We also note that our conclusions do not depend on whether observers fixated precisely where they were told to fixate. Suppose, for example, that the observers had simply ignored the different fixation instructions and had fixated at some preferred, default location. Then we could not expect to find the differences between fixation conditions that we did find. We are confident that observers did change fixation in response to instructions and that, due to the brevity of the stimuli, they had little opportunity to change fixation once the trial had begun. 
Conclusions
The pattern of results we have found may be summarized as follows. Observers in Experiment 1 made bisection settings in three dimensions in visual grasp space. These MOA settings were significantly different from the Euclidean bisection points and differed from observer to observer. Their settings were not consistent with models of binocular space of constant curvature. In Experiment 2, we verified that observers select these same bisection points given a forced-choice between their own MOA settings from Experiment 1 and other nearby points, including the Euclidean bisection point. For each of four observers, we could not reject the hypothesis that the observer preferred his or her own MOA setting to any of the alternative points provided. 
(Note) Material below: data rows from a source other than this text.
Lemma ideal_gen_msuppE Gen D : mnm_upclosed D ->
  (forall g, Gen g -> all D (msupp g)) ->
  (forall m, D m -> ideal_gen Gen 'X_[m]) ->
  forall f : R, ideal_gen Gen f <-> all D (msupp f).
Proof.
move=> upD GD DX f; split.
  case=> l [Gl ->]; apply/allP => m.
  elim: l Gl => [|p l IH] Gl; first by rewrite big_nil msupp0.
  rewrite big_cons => /msuppD_le; rewrite mem_cat => /orP[|]; last first.
    by apply: IH => q ql; apply: Gl; rewrite inE ql orbT.
  move/msuppM_le => /allpairsP [[m1 m2] /= [_ m2p ->]].
  rewrite addmC; apply: upD.
  by have /allP := GD _ (Gl p (mem_head _ _)); apply.
move=> /allP Df; rewrite (mpolyE f); apply: ideal_gen_sum => m.
have [mf|mNf] := boolP (m \in msupp f); last first.
  by rewrite (memN_msupp_eq0 mNf) scale0r; apply: ideal_gen0.
by rewrite -mul_mpolyC; apply/ideal_genM/DX/Df.
Qed.

End IdealGen.

Section MonomialIdeals.
Variables (K : fieldType) (n : nat).
Local Notation R := {mpoly K[n]}.
Implicit Types (P S : {set 'I_n}) (G : {set {set 'I_n}}) (m w : 'X_{1..n}).

Definition meets P m := [exists k in P, (0 < m k)%N].

Lemma meetsD P m1 m2 : meets P (m1 + m2)%MM = meets P m1 || meets P m2.
Proof.
apply/existsP/orP.
  by case=> k /andP[kP]; rewrite mnmDE addn_gt0 => /orP[] k_gt0; [left|right];
    apply/existsP; exists k; rewrite kP.
by case=> /existsP[k /andP[kP k_gt0]]; exists k;
  rewrite kP mnmDE addn_gt0 k_gt0 ?orbT.
Qed.

Lemma meets0 P : meets P 0%MM = false.
Proof. by apply/existsP => -[k]; rewrite mnm0E andbF. Qed.

Lemma mono_primeE P (f : R) : mono_prime K P f <-> all (meets P) (msupp f).
Proof.
apply: ideal_gen_msuppE.
- by move=> m m' Pm; rewrite meetsD Pm.
- by move=> g [i iP ->]; rewrite msuppX /= andbT; apply/existsP; exists i;
    rewrite iP mnm1E eqxx.
- move=> m /existsP[k /andP[kP mk_gt0]].
  rewrite -(submK (_ : U_(k) <= m)%MM) ?lep1mP -?lt0n // mpolyXD.
  by apply/ideal_genM/ideal_gen_gen; exists k.
Qed.

Definition mnm_of_set S : 'X_{1..n} := [multinom ((i \in S) : nat) | i < n].

Lemma sqf_monoE S : sqf_mono K S = 'X_[mnm_of_set S].
Proof.
rewrite /sqf_mono mpolyXE_id [RHS](bigID (mem S)) /=.
rewrite [X in _ * X]big1 ?mulr1; last by move=> i /negbTE iNS; rewrite mnmE iNS.
by apply: eq_bigr => i iS; rewrite mnmE iS expr1.
Qed.

Definition gen_divides G m := [exists S in G, mnm_of_set S <= m]%MM.

Lemma sqf_idealE G (f : R) : sqf_ideal K G f <-> all (gen_divides G) (msupp f).
Proof.
apply: ideal_gen_msuppE.
- move=> m m' /existsP[S /andP[SG Sm]]; apply/existsP; exists S.
  by rewrite SG (lepm_trans Sm) ?lem_addr.
- by move=> g [S SG ->]; rewrite sqf_monoE msuppX /= andbT; apply/existsP;
    exists S; rewrite SG lepm_refl.
- move=> m /existsP[S /andP[SG Sm]].
  rewrite -(submK Sm) mpolyXD; apply/ideal_genM/ideal_gen_gen.
  by exists S; rewrite // sqf_monoE.
Qed.

Definition mnm_sum (t : seq {set 'I_n}) := (\sum_(S <- t) mnm_of_set S)%MM.

Lemma mnm_sumE t k : mnm_sum t k = count (fun S => k \in S) t.
Proof.
elim: t => [|S t IH]; first by rewrite /mnm_sum big_nil mnm0E.
by rewrite /mnm_sum big_cons mnmDE -/(mnm_sum t) IH mnmE.
Qed.

Definition pow_divides G s m :=
  [exists t : s.-tuple {set 'I_n}, all (mem G) t && (mnm_sum t <= m)%MM].

Lemma pow_dividesP G s m :
  reflect (exists2 t, size t = s & all (mem G) t && (mnm_sum t <= m)%MM)
          (pow_divides G s m).
Proof.
apply: (iffP existsP) => [[t tP]|[t st tP]]; first by exists t; rewrite ?size_tuple.
have st' : size t == s by rewrite st.
by exists (Tuple st').
Qed.

Lemma pow_divides_upclosed G s : mnm_upclosed (pow_divides G s).
Proof.
move=> m m' /pow_dividesP[t st /andP[tG tm]]; apply/pow_dividesP; exists t => //.
by rewrite tG (lepm_trans tm) ?lem_addr.
Qed.

Lemma pow_dividesS G s m1 m2 :
  gen_divides G m1 -> pow_divides G s m2 -> pow_divides G s.+1 (m1 + m2)%MM.
Proof.
move=> /existsP[S /andP[SG Sm1]] /pow_dividesP[t st /andP[tG tm2]].
apply/pow_dividesP; exists (S :: t); first by rewrite /= st.
rewrite /= SG tG /mnm_sum big_cons; apply/mnm_lepP => k; rewrite !mnmDE.
by apply: leq_add; apply/mnm_lepP.
Qed.

Lemma msupp_prod_pow_divides G (l : seq R) :
  (forall g, g \in l -> all (gen_divides G) (msupp g)) ->
  all (pow_divides G (size l)) (msupp (\prod_(g <- l) g)).
Proof.
elim: l => [|g l IH] Gl; apply/allP => m.
  rewrite big_nil msupp1 mem_seq1 => /eqP ->.
  by apply/pow_dividesP; exists [::]; rewrite // /mnm_sum big_nil lepm_refl.
rewrite big_cons => /msuppM_le /allpairsP [[m1 m2] /= [m1g m2l ->]].
apply: pow_dividesS; first by move/allP: (Gl g (mem_head _ _)); apply.
by move/allP: (IH (fun h hl => Gl h (@mem_behead _ (g :: l) _ hl))); apply.
Qed.

Lemma ideal_pow_sqfE G s (f : R) :
  ideal_pow (sqf_ideal K G) s f <-> all (pow_divides G s) (msupp f).
Proof.
apply: ideal_gen_msuppE; first exact: pow_divides_upclosed.
  move=> g [fs [fsG ->]]; rewrite -{1}(size_tuple fs).
  by apply: msupp_prod_pow_divides => h /fsG /sqf_idealE.
move=> m /pow_dividesP[t st /andP[tG tm]].
rewrite -(submK tm) mpolyXD; apply/ideal_genM/ideal_gen_gen.
have st' : size t == s by rewrite st.
exists (map_tuple (@sqf_mono K n) (Tuple st')); split.
  move=> g /mapP[T Tt ->]; apply: ideal_gen_gen; exists T => //.
  by move/allP: tG; apply.
by rewrite big_map /mnm_sum -mprodXE; apply: eq_bigr => S _; rewrite sqf_monoE.
Qed.

End MonomialIdeals.

Section MonomialPrime.
Variables (K : fieldType) (n : nat) (P : {set 'I_n}).
Local Notation R := {mpoly K[n]}.

(* The monomial prime generated by P is the kernel of x_i := 0 for i in P. *)
Definition kill_vars : n.-tuple R := [tuple if i \in P then 0 else 'X_i | i < n].

Lemma kill_varsX m : 'X_[m] \mPo kill_vars = if meets P m then 0 else 'X_[m].
Proof.
rewrite comp_mpolyX; case: ifP => [/existsP[k /andP[kP mk_gt0]]|mNP].
  rewrite (bigD1 k) //= tnth_mktuple kP expr0n.
  by rewrite eqn0Ngt mk_gt0 mul0r.
rewrite mpolyXE_id; apply: eq_bigr => i _; rewrite tnth_mktuple.
case: ifP => // iP; have /eqP -> : m i == 0%N.
  apply: contraFT mNP; rewrite -lt0n => mi_gt0.
  by apply/existsP; exists i; rewrite iP.
by rewrite !expr0.
Qed.

Lemma mcoeff_kill_vars (f : R) m :
  (f \mPo kill_vars)@_m = if meets P m then 0 else f@_m.
Proof.
elim/mpolyind: f => [|c m' p _ _ IH].
  by rewrite comp_mpoly0 mcoeff0; case: ifP.
rewrite comp_mpolyD comp_mpolyZ kill_varsX !mcoeffD IH !mcoeffZ.
by case: ifP => Pm'; rewrite ?mcoeff0 mcoeffX; case: eqP => [<-|_];
  rewrite ?Pm' /= ?mulr0 ?mulr1 ?add0r ?addr0.
Qed.

Lemma mono_prime_kernel (f : R) : mono_prime K P f <-> f \mPo kill_vars = 0.
Proof.
rewrite mono_primeE; split => [/allP fP|f0].
  apply/mpolyP => m; rewrite mcoeff_kill_vars mcoeff0; case: ifP => // mNP.
  by apply/memN_msupp_eq0; apply: contraFN mNP => /fP.
apply/allP => m; apply: contraTT => mNP; rewrite mcoeff_msupp negbK.
by have := mcoeff_kill_vars f m; rewrite (negbTE mNP) f0 mcoeff0 => <-.
Qed.

Lemma mono_prime_prime : prime_ideal (mono_prime K P).
Proof.
split.
- exact: ideal_gen0.
- exact: ideal_genD.
- exact: ideal_genM.
- by rewrite mono_primeE msupp1 /= meets0.
move=> f g; rewrite !mono_prime_kernel rmorphM /=.
by move/eqP; rewrite mulf_eq0 => /orP[] /eqP; [left|right].
Qed.

End MonomialPrime.

Section PrimeColon.
Variables (n : nat) (h D : pred 'X_{1..n}).
Hypotheses (upD : mnm_upclosed D) (h0 : ~~ h 0%MM)
  (h_prime : forall a b, h (a + b)%MM -> h a || h b).

Lemma common_nonmember (r : seq 'X_{1..n}) :
  (forall m, m \in r -> exists2 w, ~~ h w & D (w + m)%MM) ->
  exists2 W, ~~ h W & all (fun m => D (W + m)%MM) r.
Proof.
elim: r => [|m r IH] witness; first by exists 0%MM.
have [w hNw Dwm] := witness m (mem_head _ _).
have [W hNW DW] := IH (fun m' m'r => witness m' (@mem_behead _ (m :: r) _ m'r)).
exists (w + W)%MM; first by apply: contra hNw => /h_prime; rewrite (negbTE hNW) orbF.
apply/andP; split; first by rewrite -addmA [(W + m)%MM]addmC addmA; apply: upD.
by apply/allP => m' m'r; rewrite -addmA addmC; apply/upD/(allP DW).
Qed.

(* [h] is a prime on monomials equal to the intersection of the colons
   (D : x^m), m in r; prime avoidance makes it equal to one of them. *)
Lemma prime_colon_monomial (r : seq 'X_{1..n}) :
  (forall w, h w = all (fun m => D (w + m)%MM) r) ->
  exists m0, forall w, h w = D (w + m0)%MM.
Proof.
move=> hr; apply: NNPP => no_m0.
have [|W hNW DW] := common_nonmember (r := r); last by rewrite hr DW in hNW.
move=> m mr; apply: NNPP => no_w; apply: no_m0; exists m => w.
apply/idP/idP => [hw|Dwm]; first by move: (hr w); rewrite hw => /esym/allP; apply.
by apply: contraT => hNw; case: no_w; exists w.
Qed.

End PrimeColon.

Section Deletion.
Variable n : nat.
Implicit Types (P : {set 'I_n}) (G : {set {set 'I_n}}) (m : 'X_{1..n}).

Definition mnm_del (i : 'I_n) m := [multinom if k == i then 0%N else m k | k < n].

Lemma mnm_delD i m1 m2 : mnm_del i (m1 + m2) = (mnm_del i m1 + mnm_del i m2)%MM.
Proof. by apply/mnmP => k; rewrite !(mnmE, mnmDE); case: eqP. Qed.

Lemma mnm_del_id i m : m i = 0%N -> mnm_del i m = m.
Proof. by move=> mi0; apply/mnmP => k; rewrite mnmE; case: eqP => // ->. Qed.

Lemma lem_del i m1 m2 :
  (m1 <= mnm_del i m2)%MM = (m1 i == 0%N) && (m1 <= m2)%MM.
Proof.
apply/mnm_lepP/andP => [le_m1|[/eqP m1i0 /mnm_lepP le_m1]] => [|k].
  split; first by have := le_m1 i; rewrite mnmE eqxx leqn0.
  by apply/mnm_lepP => k; apply: leq_trans (le_m1 k) _; rewrite mnmE; case: eqP.
by rewrite mnmE; case: eqP => [->|]; rewrite ?m1i0.
Qed.

Lemma meets_setD1 P i m : meets (P :\ i) m = meets P (mnm_del i m).
Proof.
apply/existsP/existsP => -[k]; [rewrite in_setD1 -andbA|]; case/andP.
  by move=> ki /andP[kP mk_gt0]; exists k; rewrite kP mnmE (negbTE ki).
by move=> kP; rewrite mnmE; case: eqP => // /eqP ki mk_gt0; exists k;
  rewrite in_setD1 ki kP.
Qed.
In both of these experiments, observers were free to adopt any fixation strategy they chose. In Experiment 3, observers were asked to judge whether points fell to the left or right (above or below, front or back) of the subjective bisection point while fixating a specified point in space. Observers were asked to fixate either the invisible bisection point or one of the end points of the vertex pair to be bisected. We found significant differences in bisection performance in different fixation conditions. 
In Experiment 3, bisection points under different fixations were estimated using the results of 450 2AFC judgments per condition. With this amount of data, we can reliably detect very small changes in bisection judgments with changes of fixation and estimate their magnitudes. As noted in the “Introduction,” the key question is not whether there are such changes, but what their magnitudes are relative to other measures of visual performance. 
We can, for example, ask whether the observer would likely be able to detect the inconsistency in his or her own bisection judgments with changes in fixation. To address this question, we compared bisection points in Experiment 3 under different fixations to a measure of just noticeable difference (JND) for a single trial derived from the slope of the psychometric function. For each condition, the JND was estimated as the interval between the 25% and 75% level of the fitted psychometric functions (Table 4). Figure 7 displays the bisection points under different fixations and the corresponding JNDs. It is clear from Figure 7 that the estimated bisection points under different fixations are within a JND or so of one another in all conditions, for all observers. Although bisection points may differ significantly from one fixation to another, these differences are likely to go undetected as the observer shifts fixation. That is, an observer will not often reject his or her own previous bisection setting or judgment as a consequence of change in fixation. 
Figure 7
 
Experiment 3: bias and sensitivity. Deviation of bisection points (± just noticeable difference [JND]) from the mean MOA setting for each fixation condition. Data displayed separately for each observer and vertex pair (see “Results” for details). The solid black line indicates the mean MOA setting, measurement uncertainty of the MOA setting indicated by ± SD (dashed lines).
Figure 7
 
Experiment 3: bias and sensitivity. Deviation of bisection points (± just noticeable difference [JND]) from the mean MOA setting for each fixation condition. Data displayed separately for each observer and vertex pair (see “Results” for details). The solid black line indicates the mean MOA setting, measurement uncertainty of the MOA setting indicated by ± SD (dashed lines).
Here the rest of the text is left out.